Below are records; please set down exactly the lines from the first through the one containing "assert (HE : bound".
-------- AVAILABLE DATA
Lemma is_derive_barrier (f df : R -> R) a b c : a <= b ->
  (forall x, a <= x <= b -> is_derive f x (df x)) -> c < f a ->
  (forall x, a <= x <= b -> f x = c -> 0 < df x) -> c < f b.
Proof.
  intros Hab Hf Hfa Hcross. apply Rnot_le_lt; intro Hfb.
  set (E := fun t => a <= t <= b /\ forall u, a <= u <= t -> c < f u).
  assert (HE : bound E) by (exists b; intros t [Ht _]; lra).
  assert (Ea : E a) by (split; [lra | intros u Hu; replace u with a by lra; exact Hfa]).
  (* [m] is the first time at which [f <= c]. *)
  destruct (completeness E HE (ex_intro _ a Ea)) as [m [Hub Hlub]].
  assert (Ham : a <= m) by (apply Hub, Ea).
  assert (Hmb : m <= b) by (apply Hlub; intros t [Ht _]; lra).
  assert (Hbefore : forall u, a <= u < m -> c < f u).
  { intros u Hu. apply NNPP; intro Hn.
    enough (m <= u) by lra. apply Hlub. intros t [_ Ht].
    destruct (Rle_or_lt t u) as [|Hut]; [lra|]. exfalso; apply Hn, Ht; lra. }
  assert (Hfm : is_derive f m (df m)) by (apply Hf; lra).
  destruct (Rle_or_lt (f m) c) as [Hle|Hgt].
  - assert (Hleft : exists d, 0 < d /\ forall u, 0 < u < d -> f (m - u) <= c).
    { destruct Hle as [Hlt|Heq].
      - destruct (is_derive_near f m (df m) (c - f m) Hfm ltac:(lra)) as [d [Hd Hnear]].
        exists d; split; [exact Hd|]. intros u Hu.
        assert (Hu' : Rabs (m - u - m) < d) by (rewrite Rabs_left; lra).
        specialize (Hnear _ Hu'). apply Rabs_def2 in Hnear. lra.
      - destruct (is_derive_pos_left f m (df m) Hfm) as [d [Hd Hdec]];
          [apply Hcross; lra|].
        exists d; split; [exact Hd|]. intros u Hu. specialize (Hdec u Hu). lra. }
    assert (Hma : a < m) by (destruct (Req_dec a m) as [<-|]; lra).
    destruct Hleft as [d [Hd Hleft]].
    set (u := Rmin (d / 2) (m - a)).
    assert (0 < u <= d / 2 /\ u <= m - a)
      by (unfold u; repeat split; [apply Rmin_pos|apply Rmin_l|apply Rmin_r]; lra).
    assert (c < f (m - u)) by (apply Hbefore; lra).
    assert (f (m - u) <= c) by (apply Hleft; lra).
    lra.
  - assert (Hmb' : m < b) by (destruct (Req_dec m b) as [->|]; lra).
    destruct (is_derive_near f m (df m) (f m - c) Hfm ltac:(lra)) as [d [Hd Hnear]].
    set (t := Rmin (m + d / 2) b).
    assert (m < t <= m + d / 2 /\ t <= b)
      by (unfold t; repeat split; [apply Rmin_glb_lt|apply Rmin_l|apply Rmin_r]; lra).
    enough (E t) by (assert (t <= m) by (apply Hub; assumption); lra).
    split; [lra|]. intros u Hu.
    destruct (Rlt_or_le u m); [apply Hbefore; lra|].
    assert (Hu' : Rabs (u - m) < d) by (rewrite Rabs_pos_eq; lra).
    specialize (Hnear _ Hu'). apply Rabs_def2 in Hnear. lra.
Qed.

Lemma is_derive_lin_comb (f g : R -> R) a b x df dg :
  is_derive f x df -> is_derive g x dg ->
  is_derive (fun s => a * f s + b * g s) x (a * df + b * dg).
Proof.
  intros Hf Hg.
  apply (is_derive_plus (fun s => a * f s) (fun s => b * g s));
    apply is_derive_scal; assumption.
Qed.

Lemma is_derive_ln_comp (f : R -> R) x df : 0 < f x -> is_derive f x df ->
  is_derive (fun s => ln (f s)) x (df / f x).
Proof.
  intros Hpos Hf. replace (df / f x) with (scal df (/ f x))
    by (unfold scal; simpl; unfold mult; simpl; unfold Rdiv; ring).
  apply (is_derive_comp ln f); [apply is_derive_ln, Hpos | exact Hf].
Qed.

Lemma is_derive_reflect (f : R -> R) s df :
  is_derive f (- s) df -> is_derive (fun s => - f (- s)) s df.
Proof.
  intros Hf. replace df with (- scal (-1) df)
    by (unfold scal; simpl; unfold mult; simpl; ring).
  apply (is_derive_opp (fun s => f (- s))), (is_derive_comp f (fun s => - s)); [exact Hf|].
  auto_derive; [exact I | ring].
Qed.
End Surgery.

Lemma chain_state0 (u : state D) : chain_state u 0 = ones D.
Proof. by apply/ffunP => j; rewrite !ffunE. Qed.

Lemma chain_stateT (u : state D) : chain_state u n = u.
Proof. by apply/ffunP => j; rewrite !ffunE ltn_ord. Qed.

Lemma weight_ones : weight (ones D) = n.
Proof.
rewrite /weight (_ : [set j | ones D j] = setT) ?cardsT ?card_ord //.
by apply/setP => j; rewrite !inE ffunE.
Qed.

Lemma chain_state_step (u : state D) (k : 'I_n) :
  weight (chain_state u k.+1) + ncirc (chain_state u k.+1)
    + ((~~ u k) && merging (chain_state u k) k).*2
  = weight (chain_state u k) + ncirc (chain_state u k).
Proof.
set w := chain_state u k; set w' := chain_state u k.+1.
have w'w : {in [set~ k], w' =1 w}.
  by move=> j; rewrite !inE !ffunE ltnS leq_eqVlt -val_eqE => /negbTE->.
have w'k : w' k = u k by rewrite ffunE ltnSn.
have wk : w k by rewrite ffunE ltnn.
case: (boolP (u k)) => uk /=.
  suff -> : w' = w by rewrite addn0.
  by apply/ffunP => j; case: (eqVneq j k) => [-> | jk]; rewrite ?w'k ?wk ?uk ?w'w // !inE.
have weight_w : weight w = (weight w').+1.
  rewrite /weight (_ : [set j | w j] = k |: [set j | w' j]).
    by rewrite cardsU1 inE w'k (negbTE uk).
  apply/setP => j; rewrite !inE; case: (eqVneq j k) => [-> | jk] /=; first by rewrite wk.
  by rewrite w'w // !inE.
have w'k_false : ~~ w' k by rewrite w'k.
by have := ncirc_surgery wk w'k_false w'w; lia.
Qed.

Lemma weight_ncirc_Phi (u : state D) : weight u + ncirc u + (Phi u).*2 = n + ncirc (ones D).
Proof.
suff partial m : m <= n -> weight (chain_state u m) + ncirc (chain_state u m)
    + (\sum_(k < n | k < m) ((~~ u k) && merging (chain_state u k) k)).*2
    = n + ncirc (ones D).
  rewrite -(partial n (leqnn n)) chain_stateT /Phi; congr (_ + _.*2).
  by apply: eq_bigl => k; rewrite ltn_ord.
elim: m => [_ | m IH lt_mn].
  by rewrite chain_state0 weight_ones big_pred0 ?addn0 // => k; rewrite ltn0.
pose t (k : 'I_n) := (~~ u k) && merging (chain_state u k) k.
have -> : \sum_(k < n | k < m.+1) t k = t (Ordinal lt_mn) + \sum_(k < n | k < m) t k.
  rewrite (bigD1 (Ordinal lt_mn)) //=; congr (_ + _); apply: eq_bigl => k.
  by rewrite ltnS leq_eqVlt -val_eqE /=; case: ltngtP.
by rewrite doubleD addnA (chain_state_step u (Ordinal lt_mn)) IH // ltnW.
Qed.
(* Let $\varepsilon\in[0,1)$ and $\mathcal{P},\mathcal{E}\subseteq\mathcal{D}(P)$. Then $$\beta W_{\mathrm{GPO},\varepsilon}(\mathcal{P},\mathcal{E})=D^{\mathcal{E}}_{\min,\varepsilon}(\mathcal{P}\|\mathcal{E}).$$
   Context: All Hilbert spaces are finite-dimensional; $\mathcal{D}(P)$ is the set of density operators on $P$; $T(X,Y)=\tfrac12\|X-Y\|_1$. Battery: qubit $B$ with basis $\{|0\rangle,|1\rangle\}$, $\pi_M=(1-\tfrac1M)|0\rangle\langle0|+\tfrac1M|1\rangle\langle1|$ for $M>1$. For a class of maps $\mathfrak{F}$, the one-shot extractable work into a clean battery is $\beta W_{\mathfrak{F},\varepsilon}(\mathcal{P},\mathcal{E})=\log\sup\{M>1:\exists\mathcal{F}\in\mathfrak{F}\text{ with } T(\mathcal{F}(\rho),|1\rangle\langle1|)\le\varepsilon\ \forall\rho\in\mathcal{P}\text{ and }\mathcal{F}(\tau)=\pi_M\ \forall\tau\in\mathcal{E}\}$. GPO (Gibbs-preserving operations) here means the class of CPTP maps, the Gibbs-preservation requirement being exactly the condition $\mathcal{F}(\tau)=\pi_M$ for all $\tau\in\mathcal{E}$. For $\mathcal{K}$ a set of operators, $V(\mathcal{K})=\operatorname{span}\{\tau-\tau':\tau,\tau'\in\mathcal{K}\}$, and $E\perp V(\mathcal{K})$ means $\operatorname{tr}[EX]=0$ for all $X\in V(\mathcal{K})$. The subspace-constrained min-relative entropy is $$D^{\mathcal{K}}_{\min,\varepsilon}(\mathcal{P}\|\mathcal{E})=-\log\min\Big\{\sup_{\tau\in\mathcal{E}}\operatorname{tr}[\tau E]:0\le E\le I,\ E\perp V(\mathcal{K}),\ \sup_{\rho\in\mathcal{P}}\operatorname{tr}[\rho(I-E)]\le\varepsilon\Big\},$$ with $-\log 0=+\infty$. *)

From HB Require Import structures.
From mathcomp Require Import all_boot all_order all_algebra.
From mathcomp Require Import sesquilinear spectral.
From mathcomp Require Import complex mxtens.
From mathcomp Require Import boolp classical_sets reals ereal exp.

Set Implicit Arguments.
Unset Strict Implicit.
Unset Printing Implicit Defensive.

Import Order.TTheory GRing.Theory Num.Theory.
Local Open Scope ring_scope.
Local Open Scope classical_set_scope.
Local Open Scope sesquilinear_scope.

Section QDefs.
Variable R : realType.
Local Notation C := R[i].

(* Positive semidefinite operator on C^m : Hermitian with <v|A|v> >= 0
   (0 <= z in C means z is real and nonnegative). *)
Definition psd m (A : 'M[C]_m) : Prop :=
  A = A ^t* /\ forall v : 'cV[C]_m, 0 <= (v ^t* *m A *m v) 0 0.

Definition density n (A : 'M[C]_n) : Prop := psd A /\ \tr A = 1.

Definition effect n (E : 'M[C]_n) : Prop := psd E /\ psd (1%:M - E).

(* Trace norm ||X||_1 = max over unitaries U of |tr(U X)|
   (variational form of tr sqrt(X^* X)). *)
Definition trnorm n (X : 'M[C]_n) : R :=
  sup [set complex.Re `|\tr (U *m X)| | U in [set U : 'M[C]_n | U \is unitarymx]].

Definition tdist n (X Y : 'M[C]_n) : R := trnorm (X - Y) / 2.

(* Amplification (id_k (x) f) of a map f : M_n -> M_p, acting on
   operators on C^k (x) C^n (tensor index convention of mxtens). *)
Definition mxblock_of k n (X : 'M[C]_(k * n)) (i j : 'I_k) : 'M[C]_n :=
  \matrix_(a, b) X (mxtens_index (i, a)) (mxtens_index (j, b)).

Definition ampl k n p (f : 'M[C]_n -> 'M[C]_p) (X : 'M[C]_(k * n))
  : 'M[C]_(k * p) :=
  \sum_(i < k) \sum_(j < k) (delta_mx i j *t f (mxblock_of X i j)).

Definition cptp n p (f : 'M[C]_n -> 'M[C]_p) : Prop :=
  (forall (a : C) (X Y : 'M[C]_n), f (a *: X + Y) = a *: f X + f Y) /\
  (forall (k : nat) (X : 'M[C]_(k * n)), psd X -> psd (ampl f X)) /\
  (forall X : 'M[C]_n, \tr (f X) = \tr X).

(* Battery qubit: |1><1| and pi_M = (1 - 1/M)|0><0| + (1/M)|1><1|. *)
Definition ket1proj : 'M[C]_2 := delta_mx 1 1.
Definition piM (M : R) : 'M[C]_2 :=
  ((1 - M^-1)%:C)%C *: delta_mx 0 0 + ((M^-1)%:C)%C *: delta_mx 1 1.

Definition gpo_feasible n (eps : R) (P E : set 'M[C]_n) (M : R) : Prop :=
  1 < M /\ exists f : 'M[C]_n -> 'M[C]_2, cptp f /\
    (forall rho, P rho -> tdist (f rho) ket1proj <= eps) /\
    (forall tau, E tau -> f tau = piM M).

(* beta W_{GPO,eps}(P,E) = log sup{M > 1 : ...}; the sup is taken in
   [1, +oo] (empty set gives 1, i.e. work 0). *)
Definition betaW_GPO n (eps : R) (P E : set 'M[C]_n) : \bar R :=
  lne (ereal_sup (1%:E |` [set M%:E | M in gpo_feasible eps P E])).

Definition Vspan n (K : set 'M[C]_n) : set 'M[C]_n :=
  [set X | exists s : seq (C * 'M[C]_n * 'M[C]_n),
     (forall t, t \in s -> K t.1.2 /\ K t.2) /\
     X = \sum_(t <- s) t.1.1 *: (t.1.2 - t.2)].

Definition perpV n (E : 'M[C]_n) (K : set 'M[C]_n) : Prop :=
  forall X, Vspan K X -> \tr (E *m X) = 0.

Definition Dmin_feasible n (K : set 'M[C]_n) (eps : R) (P : set 'M[C]_n)
  (E : 'M[C]_n) : Prop :=
  effect E /\ perpV E K /\
  (forall rho, P rho -> complex.Re (\tr (rho *m (1%:M - E))) <= eps).

Definition sup_tr n (Ecal : set 'M[C]_n) (E : 'M[C]_n) : \bar R :=
  ereal_sup [set (complex.Re (\tr (tau *m E)))%:E | tau in Ecal].

(* D^K_{min,eps}(P || Ecal) = - log min { ... }, with -log 0 = +oo. *)
Definition Dmin n (K : set 'M[C]_n) (eps : R) (P Ecal : set 'M[C]_n)
  : \bar R :=
  (- lne (ereal_inf [set sup_tr Ecal E | E in Dmin_feasible K eps P]))%E.

End QDefs.

(* A GPO [f] achieving [M] yields the effect [E] with [tr (E X) = (f X) 1 1]:
   complete positivity gives [0 <= E <= I], [tr (tau E) = 1/M] is constant on
   [Ecal], so [E] is orthogonal to [V(Ecal)], and [T(f rho, |1><1|) <= eps]
   forces [tr (rho (I - E)) <= eps]. Conversely, [tr (tau E)] is a constant [t]
   on [Ecal] for every feasible [E] of [D_min]; mixing [E] with [I] raises [t]
   to any [t'] in [[t, 1)], and measuring [{I - E, E}] then preparing [|0>] or
   [|1>] is a GPO achieving [M = 1/t']. So the supremum of the achievable [M]
   is the inverse of the minimum defining [D_min] (both are [+oo] when the
   minimum is [0]), and taking logarithms gives the equality. *)

From HB Require Import structures.
From mathcomp Require Import all_boot all_order all_algebra.
From mathcomp Require Import sesquilinear spectral.
From mathcomp Require Import complex mxtens.
From mathcomp Require Import boolp classical_sets reals ereal exp.
From mathcomp Require Import ring lra.
Import Order.TTheory GRing.Theory Num.Theory.
Set Implicit Arguments. Unset Strict Implicit. Unset Printing Implicit Defensive.
Local Open Scope ring_scope.
Local Open Scope classical_set_scope.
Local Open Scope sesquilinear_scope.

Section SesquilinearForm.
Variable C : numClosedFieldType.

Definition sesq n (A : 'M[C]_n) (u v : 'cV[C]_n) : C := (u ^t* *m A *m v) 0 0.

Lemma sesqE n (A : 'M[C]_n) u v :
  sesq A u v = \sum_r \sum_s (u r 0)^* * A r s * v s 0.
Proof.
rewrite /sesq mxE exchange_big /=; apply: eq_bigr => r _.
by rewrite mxE mulr_suml; apply: eq_bigr => s _; rewrite !mxE.
Qed.

Lemma sesq_delta n (A : 'M[C]_n) i j :
  sesq A (delta_mx i 0) (delta_mx j 0) = A i j.
Proof.
rewrite /sesq; have -> : (delta_mx i 0 : 'cV[C]_n) ^t* = delta_mx 0 i.
  by apply/matrixP => a b; rewrite !mxE conjC_nat eq_sym andbC.
by rewrite -rowE -colE !mxE.
Qed.

Lemma sesqDl n (A : 'M[C]_n) u v w : sesq A (u + v) w = sesq A u w + sesq A v w.
Proof. by rewrite /sesq linearD map_mxD !mulmxDl mxE. Qed.

Lemma sesqDr n (A : 'M[C]_n) u v w : sesq A w (u + v) = sesq A w u + sesq A w v.
Proof. by rewrite /sesq mulmxDr mxE. Qed.

Lemma sesqZl n (A : 'M[C]_n) c u v : sesq A (c *: u) v = c^* * sesq A u v.
Proof. by rewrite /sesq linearZ map_mxZ /= -!scalemxAl mxE. Qed.

Lemma sesqZr n (A : 'M[C]_n) c u v : sesq A u (c *: v) = c * sesq A u v.
Proof. by rewrite /sesq -scalemxAr mxE. Qed.

Lemma sesqDm n (A B : 'M[C]_n) u : sesq (A + B) u u = sesq A u u + sesq B u u.
Proof. by rewrite /sesq mulmxDr mulmxDl mxE. Qed.

Lemma sesqBm n (A B : 'M[C]_n) u : sesq (A - B) u u = sesq A u u - sesq B u u.
Proof. by rewrite /sesq mulmxBr mulmxBl !mxE. Qed.

Lemma sesqZm n c (A : 'M[C]_n) u : sesq (c *: A) u u = c * sesq A u u.
Proof. by rewrite /sesq -scalemxAr -scalemxAl mxE. Qed.

Lemma sesq_mxtrace n (A : 'M[C]_n) v : sesq A v v = \tr (A *m (v *m v ^t*)).
Proof. by rewrite /sesq mulmxA mxtrace_mulC mulmxA trace_mx11. Qed.

Lemma sesq1_ge0 n (v : 'cV[C]_n) : 0 <= sesq 1%:M v v.
Proof.
rewrite /sesq mulmx1 mxE; apply: sumr_ge0 => i _.
by rewrite !mxE mulrC mul_conjC_ge0.
Qed.

Lemma sesq_rank1_ge0 n (v u : 'cV[C]_n) : 0 <= sesq (v *m v ^t*) u u.
Proof.
rewrite /sesq !mulmxA -mulmxA mxE big_ord1.
have -> : (v ^t* *m u) 0 0 = ((u ^t* *m v) 0 0)^*.
  rewrite !mxE rmorph_sum; apply: eq_bigr => i _.
  by rewrite !mxE rmorphM /= conjCK mulrC.
exact: mul_conjC_ge0.
Qed.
----------------
• _ANSWER TO THIS PROBLEM_
Lemma is_derive_barrier (f df : R -> R) a b c : a <= b ->
  (forall x, a <= x <= b -> is_derive f x (df x)) -> c < f a ->
  (forall x, a <= x <= b -> f x = c -> 0 < df x) -> c < f b.
Proof.
  intros Hab Hf Hfa Hcross. apply Rnot_le_lt; intro Hfb.
  set (E := fun t => a <= t <= b /\ forall u, a <= u <= t -> c < f u).
  assert (HE : bound E) by (exists b; intros t [Ht _]; lra).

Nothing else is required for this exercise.